+++ Supplied material +++
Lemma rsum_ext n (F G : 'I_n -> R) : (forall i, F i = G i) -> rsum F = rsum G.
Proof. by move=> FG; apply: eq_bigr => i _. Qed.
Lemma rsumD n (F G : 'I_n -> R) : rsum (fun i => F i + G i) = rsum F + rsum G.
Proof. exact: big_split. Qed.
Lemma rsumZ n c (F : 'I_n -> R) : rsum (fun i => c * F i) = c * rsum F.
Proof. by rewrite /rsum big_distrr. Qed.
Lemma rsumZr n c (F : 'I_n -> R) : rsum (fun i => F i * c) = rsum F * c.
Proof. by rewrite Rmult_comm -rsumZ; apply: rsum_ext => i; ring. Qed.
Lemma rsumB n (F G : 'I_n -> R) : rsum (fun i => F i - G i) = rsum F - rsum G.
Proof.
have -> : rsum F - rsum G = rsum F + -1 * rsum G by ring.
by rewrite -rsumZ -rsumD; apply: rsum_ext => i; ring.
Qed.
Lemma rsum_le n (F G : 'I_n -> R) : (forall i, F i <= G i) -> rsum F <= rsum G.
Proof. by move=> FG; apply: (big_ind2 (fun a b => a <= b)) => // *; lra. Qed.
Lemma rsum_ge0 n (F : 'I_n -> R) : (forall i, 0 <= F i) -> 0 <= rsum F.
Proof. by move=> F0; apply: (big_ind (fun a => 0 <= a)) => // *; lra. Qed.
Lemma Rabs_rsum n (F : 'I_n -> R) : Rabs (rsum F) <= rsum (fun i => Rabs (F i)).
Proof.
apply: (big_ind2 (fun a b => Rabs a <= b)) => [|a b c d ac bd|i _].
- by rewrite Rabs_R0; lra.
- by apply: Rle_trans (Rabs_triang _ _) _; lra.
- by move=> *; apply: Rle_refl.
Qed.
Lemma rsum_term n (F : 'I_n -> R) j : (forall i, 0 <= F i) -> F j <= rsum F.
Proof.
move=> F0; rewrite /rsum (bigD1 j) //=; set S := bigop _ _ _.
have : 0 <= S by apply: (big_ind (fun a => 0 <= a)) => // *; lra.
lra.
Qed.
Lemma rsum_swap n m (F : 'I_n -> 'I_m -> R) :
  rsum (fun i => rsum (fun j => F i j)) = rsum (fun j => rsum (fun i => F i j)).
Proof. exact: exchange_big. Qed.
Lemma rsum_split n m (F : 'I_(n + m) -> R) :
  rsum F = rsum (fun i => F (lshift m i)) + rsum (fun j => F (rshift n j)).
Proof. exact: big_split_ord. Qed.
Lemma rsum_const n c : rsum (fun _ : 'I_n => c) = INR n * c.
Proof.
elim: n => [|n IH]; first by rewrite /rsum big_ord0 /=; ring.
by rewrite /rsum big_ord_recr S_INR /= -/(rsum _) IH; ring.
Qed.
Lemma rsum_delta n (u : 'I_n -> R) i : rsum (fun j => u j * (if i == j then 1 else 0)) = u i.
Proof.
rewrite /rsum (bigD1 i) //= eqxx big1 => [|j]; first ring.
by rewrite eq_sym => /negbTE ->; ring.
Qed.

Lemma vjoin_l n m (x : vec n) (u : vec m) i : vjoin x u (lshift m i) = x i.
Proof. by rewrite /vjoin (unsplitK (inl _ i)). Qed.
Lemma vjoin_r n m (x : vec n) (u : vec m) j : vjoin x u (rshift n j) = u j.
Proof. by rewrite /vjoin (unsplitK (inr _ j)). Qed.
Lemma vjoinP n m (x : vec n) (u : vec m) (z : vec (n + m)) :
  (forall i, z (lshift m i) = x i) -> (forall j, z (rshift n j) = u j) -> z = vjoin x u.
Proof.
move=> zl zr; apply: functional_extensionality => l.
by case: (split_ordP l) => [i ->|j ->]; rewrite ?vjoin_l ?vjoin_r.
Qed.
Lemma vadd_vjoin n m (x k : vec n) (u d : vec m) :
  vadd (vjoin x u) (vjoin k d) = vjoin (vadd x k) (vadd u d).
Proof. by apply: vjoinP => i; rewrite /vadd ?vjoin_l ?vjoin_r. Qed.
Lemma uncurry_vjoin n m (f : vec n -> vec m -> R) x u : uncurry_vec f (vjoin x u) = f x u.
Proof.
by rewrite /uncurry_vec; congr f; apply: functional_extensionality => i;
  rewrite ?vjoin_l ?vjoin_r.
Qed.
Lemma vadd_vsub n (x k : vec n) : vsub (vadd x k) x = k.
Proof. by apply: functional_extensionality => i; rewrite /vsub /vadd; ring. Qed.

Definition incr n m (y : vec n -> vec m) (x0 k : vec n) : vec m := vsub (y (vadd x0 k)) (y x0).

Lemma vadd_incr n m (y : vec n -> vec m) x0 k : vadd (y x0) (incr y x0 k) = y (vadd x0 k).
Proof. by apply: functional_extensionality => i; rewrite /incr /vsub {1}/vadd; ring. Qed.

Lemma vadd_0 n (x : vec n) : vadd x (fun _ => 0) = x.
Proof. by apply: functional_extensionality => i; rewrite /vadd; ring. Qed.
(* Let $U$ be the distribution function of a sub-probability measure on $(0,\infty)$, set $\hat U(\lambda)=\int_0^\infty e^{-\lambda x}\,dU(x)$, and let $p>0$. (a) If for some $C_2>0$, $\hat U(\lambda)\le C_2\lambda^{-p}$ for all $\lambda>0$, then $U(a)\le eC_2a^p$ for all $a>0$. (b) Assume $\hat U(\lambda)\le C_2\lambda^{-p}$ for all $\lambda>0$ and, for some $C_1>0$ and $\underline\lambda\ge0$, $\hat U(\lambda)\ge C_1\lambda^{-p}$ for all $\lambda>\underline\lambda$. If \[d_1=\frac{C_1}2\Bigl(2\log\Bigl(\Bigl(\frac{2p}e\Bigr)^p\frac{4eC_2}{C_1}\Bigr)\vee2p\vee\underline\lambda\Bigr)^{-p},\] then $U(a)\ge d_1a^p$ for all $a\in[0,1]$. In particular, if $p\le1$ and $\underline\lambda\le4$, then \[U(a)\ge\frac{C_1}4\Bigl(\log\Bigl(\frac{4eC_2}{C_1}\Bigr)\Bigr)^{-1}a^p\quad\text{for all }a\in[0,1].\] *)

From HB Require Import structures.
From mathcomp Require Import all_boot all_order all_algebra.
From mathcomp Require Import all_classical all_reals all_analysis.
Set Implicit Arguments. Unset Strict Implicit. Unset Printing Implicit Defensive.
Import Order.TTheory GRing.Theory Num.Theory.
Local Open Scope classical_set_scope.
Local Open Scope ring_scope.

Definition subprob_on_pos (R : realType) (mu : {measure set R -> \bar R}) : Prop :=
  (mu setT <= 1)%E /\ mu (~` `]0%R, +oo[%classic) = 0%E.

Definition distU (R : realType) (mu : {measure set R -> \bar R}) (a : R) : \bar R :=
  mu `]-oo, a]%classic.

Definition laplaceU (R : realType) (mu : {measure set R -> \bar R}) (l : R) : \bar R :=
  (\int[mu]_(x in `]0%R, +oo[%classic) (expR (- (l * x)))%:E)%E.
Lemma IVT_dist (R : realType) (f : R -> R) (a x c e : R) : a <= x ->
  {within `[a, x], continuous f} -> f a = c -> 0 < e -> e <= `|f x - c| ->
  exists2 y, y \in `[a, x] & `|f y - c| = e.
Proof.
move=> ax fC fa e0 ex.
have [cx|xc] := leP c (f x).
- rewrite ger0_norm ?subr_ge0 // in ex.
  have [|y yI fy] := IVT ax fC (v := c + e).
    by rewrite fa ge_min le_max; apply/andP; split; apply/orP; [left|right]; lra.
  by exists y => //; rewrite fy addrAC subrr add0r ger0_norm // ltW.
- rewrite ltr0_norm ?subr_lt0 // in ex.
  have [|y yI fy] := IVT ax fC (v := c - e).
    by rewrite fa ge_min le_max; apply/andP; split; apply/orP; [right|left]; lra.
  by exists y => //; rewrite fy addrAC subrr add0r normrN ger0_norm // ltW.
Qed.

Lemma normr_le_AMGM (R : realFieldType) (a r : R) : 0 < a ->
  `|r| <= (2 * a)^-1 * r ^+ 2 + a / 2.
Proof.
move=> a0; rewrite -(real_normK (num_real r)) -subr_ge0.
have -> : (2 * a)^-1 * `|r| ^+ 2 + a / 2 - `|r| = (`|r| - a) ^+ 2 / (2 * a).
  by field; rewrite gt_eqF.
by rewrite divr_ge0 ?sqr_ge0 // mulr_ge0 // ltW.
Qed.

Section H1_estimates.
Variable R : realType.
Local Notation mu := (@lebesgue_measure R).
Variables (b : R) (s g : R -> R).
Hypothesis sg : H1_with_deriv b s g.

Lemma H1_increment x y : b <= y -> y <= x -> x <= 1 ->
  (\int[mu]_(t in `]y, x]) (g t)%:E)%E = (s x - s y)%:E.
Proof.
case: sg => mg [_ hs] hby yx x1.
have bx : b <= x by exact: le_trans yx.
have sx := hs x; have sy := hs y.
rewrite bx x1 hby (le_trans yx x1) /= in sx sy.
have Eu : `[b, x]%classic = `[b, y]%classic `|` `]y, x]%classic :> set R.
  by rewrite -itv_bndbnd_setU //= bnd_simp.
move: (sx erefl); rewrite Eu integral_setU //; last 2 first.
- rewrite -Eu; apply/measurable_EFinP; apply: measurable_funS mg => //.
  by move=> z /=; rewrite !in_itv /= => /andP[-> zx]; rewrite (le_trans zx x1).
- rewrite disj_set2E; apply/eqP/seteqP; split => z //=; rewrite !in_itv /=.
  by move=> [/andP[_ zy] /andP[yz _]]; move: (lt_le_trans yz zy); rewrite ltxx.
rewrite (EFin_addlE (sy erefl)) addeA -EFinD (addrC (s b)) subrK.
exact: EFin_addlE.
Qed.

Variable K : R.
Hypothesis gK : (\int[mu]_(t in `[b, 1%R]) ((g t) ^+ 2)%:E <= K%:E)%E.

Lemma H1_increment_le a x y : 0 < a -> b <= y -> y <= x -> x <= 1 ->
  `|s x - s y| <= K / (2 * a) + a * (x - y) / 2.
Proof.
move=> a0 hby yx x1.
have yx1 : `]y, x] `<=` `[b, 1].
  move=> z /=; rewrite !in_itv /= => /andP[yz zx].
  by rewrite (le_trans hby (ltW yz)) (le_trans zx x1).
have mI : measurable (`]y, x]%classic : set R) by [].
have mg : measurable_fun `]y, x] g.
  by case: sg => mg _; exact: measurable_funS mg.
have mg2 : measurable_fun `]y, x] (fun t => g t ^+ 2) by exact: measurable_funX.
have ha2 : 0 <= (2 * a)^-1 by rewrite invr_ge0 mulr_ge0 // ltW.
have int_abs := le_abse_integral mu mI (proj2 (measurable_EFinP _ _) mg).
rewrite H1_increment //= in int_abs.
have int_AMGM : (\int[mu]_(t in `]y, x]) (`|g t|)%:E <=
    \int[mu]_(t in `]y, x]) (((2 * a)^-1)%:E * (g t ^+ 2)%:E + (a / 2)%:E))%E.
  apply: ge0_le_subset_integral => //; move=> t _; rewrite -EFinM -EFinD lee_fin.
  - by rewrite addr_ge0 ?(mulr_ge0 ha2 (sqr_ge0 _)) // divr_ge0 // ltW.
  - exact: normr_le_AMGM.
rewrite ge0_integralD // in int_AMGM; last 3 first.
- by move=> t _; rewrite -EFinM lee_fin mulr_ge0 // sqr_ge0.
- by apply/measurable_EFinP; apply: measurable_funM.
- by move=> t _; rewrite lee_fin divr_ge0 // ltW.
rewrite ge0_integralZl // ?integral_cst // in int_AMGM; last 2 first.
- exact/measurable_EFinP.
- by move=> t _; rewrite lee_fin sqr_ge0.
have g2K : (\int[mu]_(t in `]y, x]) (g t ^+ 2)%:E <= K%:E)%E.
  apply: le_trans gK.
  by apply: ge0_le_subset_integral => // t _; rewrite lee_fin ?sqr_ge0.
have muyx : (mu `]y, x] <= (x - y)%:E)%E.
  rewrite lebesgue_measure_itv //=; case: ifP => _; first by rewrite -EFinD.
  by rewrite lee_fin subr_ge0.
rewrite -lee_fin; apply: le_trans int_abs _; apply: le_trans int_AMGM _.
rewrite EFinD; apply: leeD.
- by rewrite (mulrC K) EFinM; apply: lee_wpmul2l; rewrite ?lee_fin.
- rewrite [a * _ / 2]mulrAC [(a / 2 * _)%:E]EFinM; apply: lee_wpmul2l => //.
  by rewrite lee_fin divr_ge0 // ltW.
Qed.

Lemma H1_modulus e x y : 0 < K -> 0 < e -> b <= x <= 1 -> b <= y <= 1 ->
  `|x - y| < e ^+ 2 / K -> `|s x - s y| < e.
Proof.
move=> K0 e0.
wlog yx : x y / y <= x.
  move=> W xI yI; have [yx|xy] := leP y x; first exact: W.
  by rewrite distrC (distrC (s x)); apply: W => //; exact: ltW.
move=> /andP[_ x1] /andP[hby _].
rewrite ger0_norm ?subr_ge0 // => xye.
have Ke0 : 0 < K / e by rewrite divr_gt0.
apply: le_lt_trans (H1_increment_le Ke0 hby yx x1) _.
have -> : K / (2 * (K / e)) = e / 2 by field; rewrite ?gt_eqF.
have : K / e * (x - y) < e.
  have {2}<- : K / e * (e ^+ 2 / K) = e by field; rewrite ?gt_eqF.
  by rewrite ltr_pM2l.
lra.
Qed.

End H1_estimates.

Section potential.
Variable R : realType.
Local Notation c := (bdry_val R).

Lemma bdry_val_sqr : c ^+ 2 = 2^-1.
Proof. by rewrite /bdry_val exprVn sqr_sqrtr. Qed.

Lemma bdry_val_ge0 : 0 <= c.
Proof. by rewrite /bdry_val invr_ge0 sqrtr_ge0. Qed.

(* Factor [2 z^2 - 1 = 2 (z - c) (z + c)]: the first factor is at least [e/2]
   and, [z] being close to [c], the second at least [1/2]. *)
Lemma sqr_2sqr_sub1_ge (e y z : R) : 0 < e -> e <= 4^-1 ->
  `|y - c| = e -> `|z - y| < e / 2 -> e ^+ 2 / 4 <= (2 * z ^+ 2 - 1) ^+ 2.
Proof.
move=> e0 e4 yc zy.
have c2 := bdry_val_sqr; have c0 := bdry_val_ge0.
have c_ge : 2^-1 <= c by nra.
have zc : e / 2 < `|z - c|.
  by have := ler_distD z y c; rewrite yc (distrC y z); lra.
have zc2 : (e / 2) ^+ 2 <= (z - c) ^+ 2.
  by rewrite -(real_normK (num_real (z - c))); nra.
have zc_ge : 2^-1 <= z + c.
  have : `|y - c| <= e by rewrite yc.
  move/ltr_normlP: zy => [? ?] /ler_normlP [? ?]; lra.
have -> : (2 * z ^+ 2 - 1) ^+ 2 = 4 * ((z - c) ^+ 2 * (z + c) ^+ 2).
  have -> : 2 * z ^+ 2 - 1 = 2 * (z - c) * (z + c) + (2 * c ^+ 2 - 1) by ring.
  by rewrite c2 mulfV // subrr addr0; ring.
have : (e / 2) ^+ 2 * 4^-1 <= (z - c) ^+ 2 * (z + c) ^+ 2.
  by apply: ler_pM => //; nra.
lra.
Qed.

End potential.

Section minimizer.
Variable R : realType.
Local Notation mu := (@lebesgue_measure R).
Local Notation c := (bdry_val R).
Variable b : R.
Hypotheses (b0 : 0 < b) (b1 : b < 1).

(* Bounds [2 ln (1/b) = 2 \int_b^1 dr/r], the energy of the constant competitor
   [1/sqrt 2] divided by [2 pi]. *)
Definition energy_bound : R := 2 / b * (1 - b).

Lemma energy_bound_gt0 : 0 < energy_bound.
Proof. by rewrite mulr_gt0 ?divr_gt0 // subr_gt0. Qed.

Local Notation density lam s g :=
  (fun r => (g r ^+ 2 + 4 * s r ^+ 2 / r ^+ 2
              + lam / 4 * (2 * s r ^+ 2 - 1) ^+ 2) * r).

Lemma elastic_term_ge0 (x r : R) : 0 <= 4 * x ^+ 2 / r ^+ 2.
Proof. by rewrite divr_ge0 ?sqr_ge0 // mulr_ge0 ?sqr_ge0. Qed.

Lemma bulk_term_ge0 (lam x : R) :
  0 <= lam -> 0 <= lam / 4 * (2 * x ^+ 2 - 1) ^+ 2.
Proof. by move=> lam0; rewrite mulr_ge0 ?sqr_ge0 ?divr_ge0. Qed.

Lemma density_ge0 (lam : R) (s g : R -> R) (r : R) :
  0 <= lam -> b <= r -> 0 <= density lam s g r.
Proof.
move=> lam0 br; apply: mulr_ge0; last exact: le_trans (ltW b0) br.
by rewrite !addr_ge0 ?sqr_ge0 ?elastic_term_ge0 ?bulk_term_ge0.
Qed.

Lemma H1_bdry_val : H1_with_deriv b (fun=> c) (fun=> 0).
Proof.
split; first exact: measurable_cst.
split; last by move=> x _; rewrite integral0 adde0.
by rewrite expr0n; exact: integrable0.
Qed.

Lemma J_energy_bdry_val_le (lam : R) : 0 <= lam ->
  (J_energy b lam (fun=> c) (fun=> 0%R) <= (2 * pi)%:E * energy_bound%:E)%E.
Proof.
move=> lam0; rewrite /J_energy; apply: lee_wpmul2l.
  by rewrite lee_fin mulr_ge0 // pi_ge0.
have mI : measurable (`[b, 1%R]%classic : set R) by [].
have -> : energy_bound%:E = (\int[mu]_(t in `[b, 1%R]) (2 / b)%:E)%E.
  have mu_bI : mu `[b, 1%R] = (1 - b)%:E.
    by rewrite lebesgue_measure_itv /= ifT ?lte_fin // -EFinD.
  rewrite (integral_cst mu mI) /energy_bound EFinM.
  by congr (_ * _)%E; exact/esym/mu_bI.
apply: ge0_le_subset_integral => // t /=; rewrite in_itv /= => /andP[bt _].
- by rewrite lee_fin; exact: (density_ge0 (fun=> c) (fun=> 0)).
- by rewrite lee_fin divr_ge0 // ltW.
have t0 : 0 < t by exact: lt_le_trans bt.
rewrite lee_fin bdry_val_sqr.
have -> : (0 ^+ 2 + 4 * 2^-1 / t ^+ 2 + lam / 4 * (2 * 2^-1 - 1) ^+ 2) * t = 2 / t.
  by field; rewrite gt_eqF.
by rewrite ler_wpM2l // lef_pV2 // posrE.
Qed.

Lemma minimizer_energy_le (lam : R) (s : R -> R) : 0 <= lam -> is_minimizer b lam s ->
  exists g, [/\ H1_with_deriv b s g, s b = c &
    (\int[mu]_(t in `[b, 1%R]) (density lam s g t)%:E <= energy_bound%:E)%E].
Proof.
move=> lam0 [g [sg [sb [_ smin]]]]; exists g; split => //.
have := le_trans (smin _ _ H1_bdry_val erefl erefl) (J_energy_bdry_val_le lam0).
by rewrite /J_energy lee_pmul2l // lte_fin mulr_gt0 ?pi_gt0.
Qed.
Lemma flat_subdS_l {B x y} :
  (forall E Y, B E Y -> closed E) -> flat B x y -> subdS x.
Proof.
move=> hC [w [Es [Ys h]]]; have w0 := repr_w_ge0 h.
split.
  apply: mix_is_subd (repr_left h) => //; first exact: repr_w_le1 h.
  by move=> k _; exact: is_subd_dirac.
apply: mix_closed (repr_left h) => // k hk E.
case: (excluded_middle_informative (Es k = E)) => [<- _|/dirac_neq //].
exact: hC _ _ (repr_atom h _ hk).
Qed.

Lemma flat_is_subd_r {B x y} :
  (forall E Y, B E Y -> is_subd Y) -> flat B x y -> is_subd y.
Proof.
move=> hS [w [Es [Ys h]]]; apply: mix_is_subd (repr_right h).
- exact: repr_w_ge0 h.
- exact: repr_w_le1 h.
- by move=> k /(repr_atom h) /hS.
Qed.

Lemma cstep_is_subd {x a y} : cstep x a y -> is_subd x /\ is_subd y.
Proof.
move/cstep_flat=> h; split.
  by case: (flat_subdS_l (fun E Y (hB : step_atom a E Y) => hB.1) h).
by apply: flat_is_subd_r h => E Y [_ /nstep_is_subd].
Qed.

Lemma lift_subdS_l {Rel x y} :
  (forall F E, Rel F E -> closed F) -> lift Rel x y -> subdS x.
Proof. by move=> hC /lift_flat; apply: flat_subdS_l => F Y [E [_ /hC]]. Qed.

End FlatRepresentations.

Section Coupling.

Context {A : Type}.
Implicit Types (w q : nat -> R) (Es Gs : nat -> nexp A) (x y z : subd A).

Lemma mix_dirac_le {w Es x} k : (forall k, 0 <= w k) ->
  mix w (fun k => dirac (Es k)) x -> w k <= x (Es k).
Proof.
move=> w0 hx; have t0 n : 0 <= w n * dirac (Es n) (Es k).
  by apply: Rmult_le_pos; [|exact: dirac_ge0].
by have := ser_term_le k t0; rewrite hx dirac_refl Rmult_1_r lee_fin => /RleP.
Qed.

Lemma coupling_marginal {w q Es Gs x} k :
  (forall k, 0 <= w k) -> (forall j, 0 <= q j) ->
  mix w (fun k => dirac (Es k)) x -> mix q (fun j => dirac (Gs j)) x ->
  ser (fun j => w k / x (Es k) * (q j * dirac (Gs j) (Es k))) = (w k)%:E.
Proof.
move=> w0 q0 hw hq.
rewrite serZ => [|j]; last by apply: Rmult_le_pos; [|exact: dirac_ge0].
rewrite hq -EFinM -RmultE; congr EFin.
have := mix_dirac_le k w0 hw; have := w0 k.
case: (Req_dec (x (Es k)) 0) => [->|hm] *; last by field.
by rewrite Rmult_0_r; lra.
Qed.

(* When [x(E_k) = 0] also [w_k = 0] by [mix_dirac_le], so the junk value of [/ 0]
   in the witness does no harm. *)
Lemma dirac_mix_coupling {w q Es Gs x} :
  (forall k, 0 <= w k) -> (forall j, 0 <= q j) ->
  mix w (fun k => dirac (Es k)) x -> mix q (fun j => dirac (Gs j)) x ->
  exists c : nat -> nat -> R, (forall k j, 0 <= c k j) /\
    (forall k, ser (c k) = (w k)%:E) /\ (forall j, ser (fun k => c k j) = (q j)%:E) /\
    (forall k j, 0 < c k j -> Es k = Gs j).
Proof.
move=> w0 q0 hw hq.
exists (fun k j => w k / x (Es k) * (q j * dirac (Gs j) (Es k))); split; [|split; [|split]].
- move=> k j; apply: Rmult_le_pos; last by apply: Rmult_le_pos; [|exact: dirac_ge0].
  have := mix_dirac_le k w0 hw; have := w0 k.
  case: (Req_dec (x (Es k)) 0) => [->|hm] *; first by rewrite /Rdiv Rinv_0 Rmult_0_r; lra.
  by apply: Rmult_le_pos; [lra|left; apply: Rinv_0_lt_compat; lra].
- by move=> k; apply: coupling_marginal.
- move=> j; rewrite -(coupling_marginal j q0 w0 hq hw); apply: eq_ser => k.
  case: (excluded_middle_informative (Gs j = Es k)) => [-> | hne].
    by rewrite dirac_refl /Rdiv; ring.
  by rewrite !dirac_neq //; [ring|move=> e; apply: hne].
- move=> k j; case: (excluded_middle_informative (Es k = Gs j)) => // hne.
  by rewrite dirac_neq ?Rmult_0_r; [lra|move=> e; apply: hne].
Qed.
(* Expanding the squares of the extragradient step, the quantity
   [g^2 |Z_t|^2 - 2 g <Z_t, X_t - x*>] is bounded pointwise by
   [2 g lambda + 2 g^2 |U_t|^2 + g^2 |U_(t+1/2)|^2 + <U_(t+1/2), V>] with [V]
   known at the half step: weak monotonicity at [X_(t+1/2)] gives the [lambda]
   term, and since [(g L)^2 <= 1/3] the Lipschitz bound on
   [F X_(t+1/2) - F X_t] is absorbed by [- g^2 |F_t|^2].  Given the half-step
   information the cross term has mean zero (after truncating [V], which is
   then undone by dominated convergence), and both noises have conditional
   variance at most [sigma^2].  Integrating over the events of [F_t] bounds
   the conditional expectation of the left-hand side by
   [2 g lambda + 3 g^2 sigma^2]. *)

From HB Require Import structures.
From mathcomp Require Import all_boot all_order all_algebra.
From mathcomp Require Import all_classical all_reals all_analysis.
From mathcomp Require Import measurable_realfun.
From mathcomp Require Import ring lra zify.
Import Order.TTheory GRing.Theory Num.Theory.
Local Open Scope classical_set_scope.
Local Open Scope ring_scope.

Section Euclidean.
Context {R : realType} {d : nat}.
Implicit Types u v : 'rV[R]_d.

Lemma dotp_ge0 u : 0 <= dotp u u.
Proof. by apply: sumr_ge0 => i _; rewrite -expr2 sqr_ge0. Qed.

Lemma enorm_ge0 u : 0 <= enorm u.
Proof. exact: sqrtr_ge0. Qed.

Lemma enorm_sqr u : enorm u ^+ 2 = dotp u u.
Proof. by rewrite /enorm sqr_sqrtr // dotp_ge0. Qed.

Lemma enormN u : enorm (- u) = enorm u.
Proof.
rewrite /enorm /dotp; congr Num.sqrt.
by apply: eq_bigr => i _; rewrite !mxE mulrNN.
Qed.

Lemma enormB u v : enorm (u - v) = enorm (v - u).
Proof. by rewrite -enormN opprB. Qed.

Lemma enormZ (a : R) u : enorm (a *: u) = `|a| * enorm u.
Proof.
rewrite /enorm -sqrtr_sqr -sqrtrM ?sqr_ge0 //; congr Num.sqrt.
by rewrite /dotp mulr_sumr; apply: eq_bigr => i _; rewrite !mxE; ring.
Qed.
+++
*Assignment*. Look over the listing above and copy each line that contains "Context".

*Response to the exercise*.
Context {A : Type}.
Context {R : realType} {d : nat}.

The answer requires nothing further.